§ Task description
Below are some records; find each line that carries the word "addrI" and copy it.

Start of Supplied records

(* If a $2$-step nilpotent real Lie algebra $\mathfrak{n}$ admits a $3$-step complex structure, then $\dim[\mathfrak{n},\mathfrak{n}]\geq3$.
   Context: A complex structure on a real Lie algebra $\mathfrak{g}$ is a linear map $J:\mathfrak{g}\to\mathfrak{g}$ with $J^2=-I$ and $N_J(x,y):=[x,y]+J([Jx,y]+[x,Jy])-[Jx,Jy]=0$ for all $x,y\in\mathfrak{g}$. Given such $J$, define inductively $\mathfrak{a}_0(J)=0$ and $\mathfrak{a}_\ell(J)=\{x\in\mathfrak{g}: [x,\mathfrak{g}]\subset\mathfrak{a}_{\ell-1}(J)\text{ and }[Jx,\mathfrak{g}]\subset\mathfrak{a}_{\ell-1}(J)\}$ for $\ell\ge1$. $J$ is called nilpotent if $\mathfrak{a}_t(J)=\mathfrak{g}$ for some positive integer $t$, and $t$-step if $t$ is the smallest such integer. A Lie algebra $\mathfrak{n}$ is $2$-step nilpotent if it is non-abelian and $[\mathfrak{n},\mathfrak{n}]\subset\mathfrak{z}$ (the center). *)

From HB Require Import structures.
From mathcomp Require Import all_boot all_order all_algebra.
From mathcomp Require Import reals.
Set Implicit Arguments. Unset Strict Implicit. Unset Printing Implicit Defensive.
Import Order.TTheory GRing.Theory Num.Theory.
Local Open Scope ring_scope.

Section LieDefs.
Variables (R : realType) (V : vectType R).

Definition is_lie_bracket (br : V -> V -> V) : Prop :=
  [/\ (forall (a : R) (x y z : V), br (a *: x + y) z = a *: br x z + br y z),
      (forall (a : R) (x y z : V), br z (a *: x + y) = a *: br z x + br z y),
      (forall x : V, br x x = 0) &
      (forall x y z : V, br x (br y z) + br y (br z x) + br z (br x y) = 0)].

Definition nijenhuis (br : V -> V -> V) (J : 'End(V)) (x y : V) : V :=
  br x y + J (br (J x) y + br x (J y)) - br (J x) (J y).

Definition is_complex_structure (br : V -> V -> V) (J : 'End(V)) : Prop :=
  (forall x : V, J (J x) = - x) /\ (forall x y : V, nijenhuis br J x y = 0).

Fixpoint a_ser (br : V -> V -> V) (J : 'End(V)) (l : nat) : V -> Prop :=
  match l with
  | 0 => fun x => x = 0
  | l'.+1 => fun x => forall y : V, a_ser br J l' (br x y) /\ a_ser br J l' (br (J x) y)
  end.

Definition t_step_complex (br : V -> V -> V) (J : 'End(V)) (t : nat) : Prop :=
  (0 < t)%N /\ (forall x : V, a_ser br J t x) /\
  (forall s : nat, (0 < s < t)%N -> ~ (forall x : V, a_ser br J s x)).

Definition two_step_nilpotent (br : V -> V -> V) : Prop :=
  (exists x y : V, br x y != 0) /\ (forall x y z : V, br (br x y) z = 0).

(** The derived algebra [n,n]: the span of all brackets. Since br is bilinear,
    this is the span of the brackets of pairs of basis vectors. *)
Definition derived_alg (br : V -> V -> V) : {vspace V} :=
  <<[seq br u v | u <- (vbasis fullv : seq V), v <- (vbasis fullv : seq V)]>>%VS.

End LieDefs.

(* If [n,n] had dimension at most 2, the complex structure would already be
   2-step.  Indeed, let w be central and suppose v := [Jw, z] <> 0.  The
   Nijenhuis condition with w central gives Jv = [Jw, Jz], so v and Jv are two
   independent vectors of [n,n] (J has no real eigenvalue); hence [n,n] is
   spanned by them and is J-stable.  For w in [n,n] this puts Jw in [n,n],
   which is central, so v = 0 after all.  Thus J maps [n,n] into the centre,
   which is exactly what a_2(J) = n requires. *)

From HB Require Import structures.
From mathcomp Require Import all_boot all_order all_algebra.
From mathcomp Require Import reals.
Set Implicit Arguments. Unset Strict Implicit. Unset Printing Implicit Defensive.
Import GRing.Theory Num.Theory.
Local Open Scope ring_scope.

Section AlmostComplex.
Variables (R : realFieldType) (V : vectType R) (J : 'End(V)).
Hypothesis JJ : forall x : V, J (J x) = - x.

Lemma almost_complex_neq0 v : v != 0 -> J v != 0.
Proof.
apply: contra => /eqP Jv0; have := JJ v.
by rewrite Jv0 linear0 => /eqP; rewrite eq_sym oppr_eq0.
Qed.

Lemma free_almost_complex_pair v : v != 0 -> free [:: v; J v].
Proof.
move=> nz_v; rewrite free_cons span_seq1 seq1_free almost_complex_neq0 // andbT.
apply/negP => /vlineP [k v_kJv].
have : (1 + k ^+ 2) *: v = 0.
  have Jv : J v = - (k *: v) by rewrite {1}v_kJv linearZ /= JJ scalerN.
  by rewrite scalerDl scale1r expr2 -scalerA -[k *: v]opprK -Jv scalerN -v_kJv subrr.
by apply/eqP; rewrite scaler_eq0 (negPf nz_v) orbF lt0r_neq0 // ltr_pwDl ?sqr_ge0.
Qed.

(* v and J v are independent, so they span U. *)
Lemma almost_complex_stable_dim2 (U : {vspace V}) v w :
  v != 0 -> v \in U -> J v \in U -> (\dim U <= 2)%N -> w \in U -> J w \in U.
Proof.
move=> nz_v Uv UJv dimU Uw.
have defU : <<[:: v; J v]>>%VS = U.
  apply/eqP; rewrite eqEdim (eqP (free_almost_complex_pair nz_v)) /=.
  by rewrite dimU andbT; apply/span_subvP => u; rewrite !inE => /orP[]/eqP->.
move: Uw; rewrite -defU {1}span_cons span_seq1.
case/memv_addP=> _ /vlineP[a ->] [_ /vlineP[b ->] ->].
rewrite linearD !linearZ /= JJ scalerN.
by rewrite memvD ?memvN ?memvZ ?memv_span ?inE ?eqxx ?orbT.
Qed.

End AlmostComplex.

Section TwoStep.
Variables (R : realType) (V : vectType R) (br : V -> V -> V).
Hypothesis lie_br : is_lie_bracket br.
Hypothesis brackets_central : forall x y z : V, br (br x y) z = 0.

Lemma br_addl x y z : br (x + y) z = br x z + br y z.
Proof. by case: lie_br => linl _ _ _; rewrite -[x in LHS]scale1r linl scale1r. Qed.

Lemma br_addr x y z : br z (x + y) = br z x + br z y.
Proof. by case: lie_br => _ linr _ _; rewrite -[x in LHS]scale1r linr scale1r. Qed.

Lemma br0l z : br 0 z = 0.
Proof. by apply: (@addrI _ (br 0 z)); rewrite -br_addl !addr0. Qed.

Lemma br0r z : br z 0 = 0.
Proof. by apply: (@addrI _ (br z 0)); rewrite -br_addr !addr0. Qed.

Lemma br_scalel a x z : br (a *: x) z = a *: br x z.
Proof. by case: lie_br => linl _ _ _; rewrite -[a *: x]addr0 linl br0l addr0. Qed.

Lemma br_scaler a x z : br z (a *: x) = a *: br z x.
Proof. by case: lie_br => _ linr _ _; rewrite -[a *: x]addr0 linr br0r addr0. Qed.

Lemma vbasis_ind (P : V -> Prop) :
    P 0 -> (forall x y, P x -> P y -> P (x + y)) -> (forall a x, P x -> P (a *: x)) ->
  (forall u, u \in (vbasis fullv : seq V) -> P u) -> forall x, P x.
Proof.
move=> P0 PD PZ Pb x; rewrite (coord_vbasis (memvf x)).
by apply: (big_ind P) => // i _; apply/PZ/Pb/mem_nth; rewrite size_tuple.
Qed.

Lemma memv_derived x y : br x y \in derived_alg br.
Proof.
elim/vbasis_ind: x y => [y | x x' IHx IHx' y | a x IHx y | u b_u].
- by rewrite br0l mem0v.
- by rewrite br_addl memvD.
- by rewrite br_scalel memvZ.
elim/vbasis_ind => [| y y' IHy IHy' | a y IHy | v b_v].
- by rewrite br0r mem0v.
- by rewrite br_addr memvD.
- by rewrite br_scaler memvZ.
by apply: memv_span; apply: allpairs_f.
Qed.

Lemma derived_central w z : w \in derived_alg br -> br w z = 0.
Proof.
rewrite /derived_alg => /(@coord_span _ _ _ (in_tuple _))->.
apply: (big_ind (fun u => br u z = 0)) => [|x y brx bry|i _].
- exact: br0l.
- by rewrite br_addl brx bry addr0.
have /allpairsP[[u v] [_ _ ->]] := mem_nth 0 (ltn_ord i).
by rewrite br_scalel brackets_central scaler0.
Qed.

Variable J : 'End(V).
Hypothesis J_complex : is_complex_structure br J.

Lemma nijenhuis_central w z :
  (forall u, br w u = 0) -> J (br (J w) z) = br (J w) (J z).
Proof.
move=> w_central; case: J_complex => _ /(_ w z) /eqP.
by rewrite /nijenhuis !w_central add0r addr0 subr_eq0 => /eqP.
Qed.

Lemma J_derived_central w z :
  (\dim (derived_alg br) <= 2)%N -> w \in derived_alg br -> br (J w) z = 0.
Proof.
move=> dim_derived derived_w; apply/eqP; apply: contraT => nz_v.
have Jv : J (br (J w) z) = br (J w) (J z).
  by apply: nijenhuis_central => u; exact: derived_central.
have derived_Jw : J w \in derived_alg br.
  case: J_complex => JJ _.
  by apply: (almost_complex_stable_dim2 JJ nz_v); rewrite ?Jv ?memv_derived.
by rewrite derived_central ?eqxx in nz_v.
Qed.

End TwoStep.

Theorem mainTheorem6 (R : realType) (V : vectType R) (br : V -> V -> V) :
  is_lie_bracket br -> two_step_nilpotent br ->
  (exists J : 'End(V), is_complex_structure br J /\ t_step_complex br J 3) ->
  (3 <= \dim (derived_alg br))%N.
Proof.
move=> lie_br [_ brackets_central] [J [J_complex [_ [_ minimal]]]].
rewrite leqNgt; apply/negP => dim_derived.
apply: (minimal 2%N erefl) => x y; split=> z; split;
  by [ apply: brackets_central
     | apply: J_derived_central; rewrite ?(memv_derived lie_br) ].
Qed.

End of Supplied records

§ Answer to the exercise
Proof. by apply: (@addrI _ (br 0 z)); rewrite -br_addl !addr0. Qed.
Proof. by apply: (@addrI _ (br z 0)); rewrite -br_addr !addr0. Qed.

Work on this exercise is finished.